Lemma exists_monotone_maximizer (m : R) (g0 : cube p n -> bool) :
  mass R g0 = m ->
  exists f : cube p n -> bool, [/\ monotone_bool f, mass R f = m &
    forall g, mass R g = m -> energy g <= energy f].
Proof.
move=> mass_g0.
pose P (h : {ffun cube p n -> bool}) := mass R h == m.
have P_ffun (g : cube p n -> bool) : P [ffun x => g x] = (mass R g == m).
  by rewrite /P (eq_mass R (ffunE g)).
have Pg0 : P [ffun x => g0 x] by rewrite P_ffun mass_g0.
have [gm Pgm gm_max] := arg_maxP (fun h : {ffun cube p n -> bool} => energy h) Pg0.
pose Q h := P h && (energy h == energy gm).
have Qgm : Q gm by rewrite /Q Pgm eqxx.
have [f /andP[Pf /eqP f_gm] f_max] :=
  arg_maxP (fun h : {ffun cube p n -> bool} => potential R h) Qgm.
exists f; split; first last.
- move=> g mass_g; rewrite f_gm -(eq_energy _ _ _ (ffunE g)); apply: gm_max.
  by rewrite P_ffun mass_g.
- exact/eqP.
apply: monotone_bool_of_steps => i a b y lt_ab yb fy'; apply: contraT => fy.
have neq_ab : a != b by apply: contraTneq lt_ab => ->; rewrite ltnn.
pose f' := [ffun x => polarize i a b f x].
have Qf' : Q f'.
  have Pf' : P f' by rewrite P_ffun mass_polarize.
  have energy_f' : energy f' = energy gm.
    apply/le_anti/andP; split; first exact: gm_max.
    by rewrite -f_gm (eq_energy _ _ _ (ffunE _)) energy_polarize.
  by rewrite /Q Pf' energy_f' eqxx.
have := f_max f' Qf'; rewrite /= (eq_potential R (ffunE _)) leNgt.
by rewrite (potential_polarize_lt R lt_ab yb fy fy').
Qed.

End Maximizer.

Lemma mass_card (R : pzSemiRingType) (p n : nat) (g : cube p n -> bool) :
  mass R g = #|g|%:R.
Proof.
rewrite /mass -sum1_card natr_sum [RHS]big_mkcond; apply: eq_bigr => x _.
by rewrite unfold_in; case: (g x).
Qed.

Lemma exists_card (T : finType) (j : nat) : (j <= #|T|)%N -> exists A : pred T, #|A| = j.
Proof.
move=> le_j; exists (mem (take j (enum T))).
by rewrite (card_uniqP _) ?take_uniq ?enum_uniq // size_takel // -cardE.
Qed.

Section Noise.
Variables (R : realFieldType) (p n : nat) (eps : R).
Hypothesis p_gt1 : (1 < p)%N.

Lemma card_cube : #|{: cube p n}| = (p ^ n)%N.
Proof. by rewrite card_ffun !card_ord Zp_cast. Qed.

Lemma expectE (F : cube p n -> R) : expect F = (\sum_x F x) / (p ^ n)%:R.
Proof. by rewrite /expect card_cube. Qed.

Lemma exists_mass j : (j <= p ^ n)%N -> exists g : cube p n -> bool, mass R g = j%:R.
Proof.
by rewrite -card_cube => /exists_card[A card_A]; exists A; rewrite mass_card card_A.
Qed.

Lemma expect_bool_fun (g : cube p n -> bool) :
  expect (bool_fun R g) = mass R g / (p ^ n)%:R.
Proof. exact: expectE. Qed.

Lemma T_noise_kernel_avg (g : cube p n -> bool) (x : cube p n) :
  T_noise eps (bool_fun R g) x = kernel_avg (1 - eps) (eps / (p.-1)%:R) g x.
Proof.
rewrite /T_noise (reindex (fun y : cube p n => [ffun j => y j - x j])) /=.
  apply: eq_bigr => y _; congr (_ * _).
    by apply: eq_bigr => j _; rewrite ffunE /coord_kernel subr_eq0 eq_sym.
  by congr (bool_fun R g); apply/ffunP => j; rewrite !ffunE addrC subrK.
exists (fun z : cube p n => [ffun j => x j + z j]) => z _; apply/ffunP => j;
  by rewrite !ffunE addrC ?subrK ?addKr.
Qed.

- What to do
In the listing above, how many of the lines include "expectE"? Give only the figure.

- Response below
2